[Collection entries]
◇ ◇ ◇

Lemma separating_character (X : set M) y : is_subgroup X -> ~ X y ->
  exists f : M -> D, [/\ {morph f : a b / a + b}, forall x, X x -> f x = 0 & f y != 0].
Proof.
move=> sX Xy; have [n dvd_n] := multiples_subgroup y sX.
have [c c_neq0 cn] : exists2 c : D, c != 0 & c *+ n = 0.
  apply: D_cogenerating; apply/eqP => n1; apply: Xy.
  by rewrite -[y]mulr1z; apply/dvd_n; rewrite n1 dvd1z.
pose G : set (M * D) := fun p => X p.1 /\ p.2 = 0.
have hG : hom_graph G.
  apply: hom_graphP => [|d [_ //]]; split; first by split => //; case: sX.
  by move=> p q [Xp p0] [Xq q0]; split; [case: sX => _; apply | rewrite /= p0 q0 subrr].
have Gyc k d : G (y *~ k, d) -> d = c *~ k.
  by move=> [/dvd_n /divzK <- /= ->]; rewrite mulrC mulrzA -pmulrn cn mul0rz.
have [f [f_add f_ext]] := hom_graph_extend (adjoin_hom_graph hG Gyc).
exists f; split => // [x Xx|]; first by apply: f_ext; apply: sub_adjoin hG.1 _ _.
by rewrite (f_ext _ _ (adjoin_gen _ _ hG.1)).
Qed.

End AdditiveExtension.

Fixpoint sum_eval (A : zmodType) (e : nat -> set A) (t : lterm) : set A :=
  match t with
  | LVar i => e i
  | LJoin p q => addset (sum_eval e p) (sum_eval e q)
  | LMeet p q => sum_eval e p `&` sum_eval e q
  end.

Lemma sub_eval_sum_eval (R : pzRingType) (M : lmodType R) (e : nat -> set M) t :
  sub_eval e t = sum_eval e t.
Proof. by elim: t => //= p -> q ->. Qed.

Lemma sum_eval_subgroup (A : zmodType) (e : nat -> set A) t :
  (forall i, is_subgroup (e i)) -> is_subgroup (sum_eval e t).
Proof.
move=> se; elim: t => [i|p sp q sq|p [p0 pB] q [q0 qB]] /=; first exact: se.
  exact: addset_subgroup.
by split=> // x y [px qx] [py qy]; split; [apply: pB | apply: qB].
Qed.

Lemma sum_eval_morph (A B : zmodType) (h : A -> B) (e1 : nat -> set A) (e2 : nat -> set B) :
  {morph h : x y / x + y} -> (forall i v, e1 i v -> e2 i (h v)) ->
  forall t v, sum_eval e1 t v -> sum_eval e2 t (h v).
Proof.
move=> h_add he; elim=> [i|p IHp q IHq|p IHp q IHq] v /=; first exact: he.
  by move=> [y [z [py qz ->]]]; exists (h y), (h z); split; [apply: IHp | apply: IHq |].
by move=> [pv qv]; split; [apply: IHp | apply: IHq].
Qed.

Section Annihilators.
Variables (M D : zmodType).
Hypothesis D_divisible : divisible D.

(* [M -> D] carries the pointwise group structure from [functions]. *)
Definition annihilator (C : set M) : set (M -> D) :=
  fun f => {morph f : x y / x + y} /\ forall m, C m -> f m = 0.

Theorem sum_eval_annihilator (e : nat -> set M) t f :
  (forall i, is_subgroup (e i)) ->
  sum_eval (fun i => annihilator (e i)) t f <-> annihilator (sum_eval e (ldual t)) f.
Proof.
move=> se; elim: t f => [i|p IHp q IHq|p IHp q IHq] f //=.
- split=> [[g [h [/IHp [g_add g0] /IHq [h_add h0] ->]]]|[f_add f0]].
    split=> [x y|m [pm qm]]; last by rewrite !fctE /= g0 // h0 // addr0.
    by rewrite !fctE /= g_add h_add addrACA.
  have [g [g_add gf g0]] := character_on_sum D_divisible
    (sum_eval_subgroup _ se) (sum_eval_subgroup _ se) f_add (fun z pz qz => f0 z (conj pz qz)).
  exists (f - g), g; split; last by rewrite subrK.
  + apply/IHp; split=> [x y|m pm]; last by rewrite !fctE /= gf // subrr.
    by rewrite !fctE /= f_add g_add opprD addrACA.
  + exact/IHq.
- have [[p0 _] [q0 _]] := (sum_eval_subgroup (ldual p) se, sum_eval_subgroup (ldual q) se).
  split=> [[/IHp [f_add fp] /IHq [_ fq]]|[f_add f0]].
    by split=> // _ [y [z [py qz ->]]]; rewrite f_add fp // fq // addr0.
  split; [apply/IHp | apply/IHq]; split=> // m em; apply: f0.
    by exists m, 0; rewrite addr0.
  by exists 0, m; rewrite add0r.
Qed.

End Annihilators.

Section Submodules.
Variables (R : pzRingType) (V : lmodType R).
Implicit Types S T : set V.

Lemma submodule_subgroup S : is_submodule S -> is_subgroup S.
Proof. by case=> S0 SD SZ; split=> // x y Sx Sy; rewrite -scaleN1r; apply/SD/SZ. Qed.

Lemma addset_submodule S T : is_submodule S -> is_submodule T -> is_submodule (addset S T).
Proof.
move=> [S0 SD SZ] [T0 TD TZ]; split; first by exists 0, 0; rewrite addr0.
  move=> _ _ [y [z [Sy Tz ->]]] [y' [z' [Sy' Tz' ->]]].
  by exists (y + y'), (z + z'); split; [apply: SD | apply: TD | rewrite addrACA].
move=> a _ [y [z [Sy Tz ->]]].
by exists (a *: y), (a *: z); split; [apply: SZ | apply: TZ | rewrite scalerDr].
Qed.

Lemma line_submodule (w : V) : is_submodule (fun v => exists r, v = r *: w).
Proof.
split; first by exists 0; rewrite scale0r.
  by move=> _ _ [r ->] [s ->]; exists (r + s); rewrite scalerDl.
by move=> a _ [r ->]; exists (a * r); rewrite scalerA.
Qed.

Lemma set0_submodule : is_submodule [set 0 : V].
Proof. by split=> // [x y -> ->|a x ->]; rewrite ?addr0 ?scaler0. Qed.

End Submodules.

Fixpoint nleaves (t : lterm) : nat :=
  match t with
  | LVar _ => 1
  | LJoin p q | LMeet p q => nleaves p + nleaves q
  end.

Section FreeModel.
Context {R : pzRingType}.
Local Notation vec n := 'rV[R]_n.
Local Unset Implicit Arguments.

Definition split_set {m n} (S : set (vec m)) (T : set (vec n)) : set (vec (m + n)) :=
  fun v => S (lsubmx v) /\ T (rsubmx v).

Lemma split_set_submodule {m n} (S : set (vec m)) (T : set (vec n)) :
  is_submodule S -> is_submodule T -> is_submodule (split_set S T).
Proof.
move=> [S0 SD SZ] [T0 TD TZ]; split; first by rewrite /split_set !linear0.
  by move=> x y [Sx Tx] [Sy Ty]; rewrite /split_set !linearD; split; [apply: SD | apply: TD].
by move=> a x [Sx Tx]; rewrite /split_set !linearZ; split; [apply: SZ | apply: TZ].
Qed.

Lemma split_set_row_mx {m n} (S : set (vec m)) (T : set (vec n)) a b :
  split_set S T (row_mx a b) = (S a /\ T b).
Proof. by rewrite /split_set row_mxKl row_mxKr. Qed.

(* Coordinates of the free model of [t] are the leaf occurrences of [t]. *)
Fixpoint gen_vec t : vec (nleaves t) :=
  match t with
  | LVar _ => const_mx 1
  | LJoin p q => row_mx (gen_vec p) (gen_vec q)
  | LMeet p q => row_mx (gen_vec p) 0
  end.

◇ ◇ ◇

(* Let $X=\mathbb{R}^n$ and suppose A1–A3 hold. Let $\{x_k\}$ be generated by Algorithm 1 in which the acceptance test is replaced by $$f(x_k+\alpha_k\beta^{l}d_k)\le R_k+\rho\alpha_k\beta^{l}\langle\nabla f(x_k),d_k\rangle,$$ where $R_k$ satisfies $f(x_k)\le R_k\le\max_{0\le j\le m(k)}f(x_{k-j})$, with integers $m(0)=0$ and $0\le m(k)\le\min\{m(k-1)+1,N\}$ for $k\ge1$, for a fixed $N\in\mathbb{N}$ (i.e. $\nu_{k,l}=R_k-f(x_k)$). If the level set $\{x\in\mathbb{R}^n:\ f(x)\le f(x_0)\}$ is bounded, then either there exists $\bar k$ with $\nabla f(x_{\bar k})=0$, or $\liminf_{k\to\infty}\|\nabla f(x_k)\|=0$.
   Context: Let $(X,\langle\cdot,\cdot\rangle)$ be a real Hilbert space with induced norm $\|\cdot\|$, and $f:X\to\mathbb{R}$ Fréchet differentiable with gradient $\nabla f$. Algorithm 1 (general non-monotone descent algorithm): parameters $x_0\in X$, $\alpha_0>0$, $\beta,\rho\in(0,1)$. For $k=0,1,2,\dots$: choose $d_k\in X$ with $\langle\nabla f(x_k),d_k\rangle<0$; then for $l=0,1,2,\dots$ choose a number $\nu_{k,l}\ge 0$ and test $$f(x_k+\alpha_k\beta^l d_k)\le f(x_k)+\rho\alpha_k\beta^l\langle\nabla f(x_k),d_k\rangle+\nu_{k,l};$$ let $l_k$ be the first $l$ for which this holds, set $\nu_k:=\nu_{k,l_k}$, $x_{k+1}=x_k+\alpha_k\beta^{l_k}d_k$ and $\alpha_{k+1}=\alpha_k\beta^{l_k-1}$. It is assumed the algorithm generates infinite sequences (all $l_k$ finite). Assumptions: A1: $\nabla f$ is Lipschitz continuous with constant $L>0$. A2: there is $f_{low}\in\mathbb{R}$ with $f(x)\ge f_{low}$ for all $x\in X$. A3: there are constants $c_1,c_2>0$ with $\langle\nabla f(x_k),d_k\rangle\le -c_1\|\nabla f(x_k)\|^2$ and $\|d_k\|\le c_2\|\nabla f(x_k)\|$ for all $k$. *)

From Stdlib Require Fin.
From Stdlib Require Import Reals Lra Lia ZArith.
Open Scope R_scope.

◇ ◇ ◇

*Work task*. Give only the lines from the one holding "apply: hom_graphP =>" through the one holding "Lemma sum_eval_subgroup (A", each restated exactly as it appears above.

*Solution to the problem*.
  apply: hom_graphP => [|d [_ //]]; split; first by split => //; case: sX.
  by move=> p q [Xp p0] [Xq q0]; split; [case: sX => _; apply | rewrite /= p0 q0 subrr].
have Gyc k d : G (y *~ k, d) -> d = c *~ k.
  by move=> [/dvd_n /divzK <- /= ->]; rewrite mulrC mulrzA -pmulrn cn mul0rz.
have [f [f_add f_ext]] := hom_graph_extend (adjoin_hom_graph hG Gyc).
exists f; split => // [x Xx|]; first by apply: f_ext; apply: sub_adjoin hG.1 _ _.
by rewrite (f_ext _ _ (adjoin_gen _ _ hG.1)).
Qed.

End AdditiveExtension.

Fixpoint sum_eval (A : zmodType) (e : nat -> set A) (t : lterm) : set A :=
  match t with
  | LVar i => e i
  | LJoin p q => addset (sum_eval e p) (sum_eval e q)
  | LMeet p q => sum_eval e p `&` sum_eval e q
  end.

Lemma sub_eval_sum_eval (R : pzRingType) (M : lmodType R) (e : nat -> set M) t :
  sub_eval e t = sum_eval e t.
Proof. by elim: t => //= p -> q ->. Qed.

Lemma sum_eval_subgroup (A : zmodType) (e : nat -> set A) t :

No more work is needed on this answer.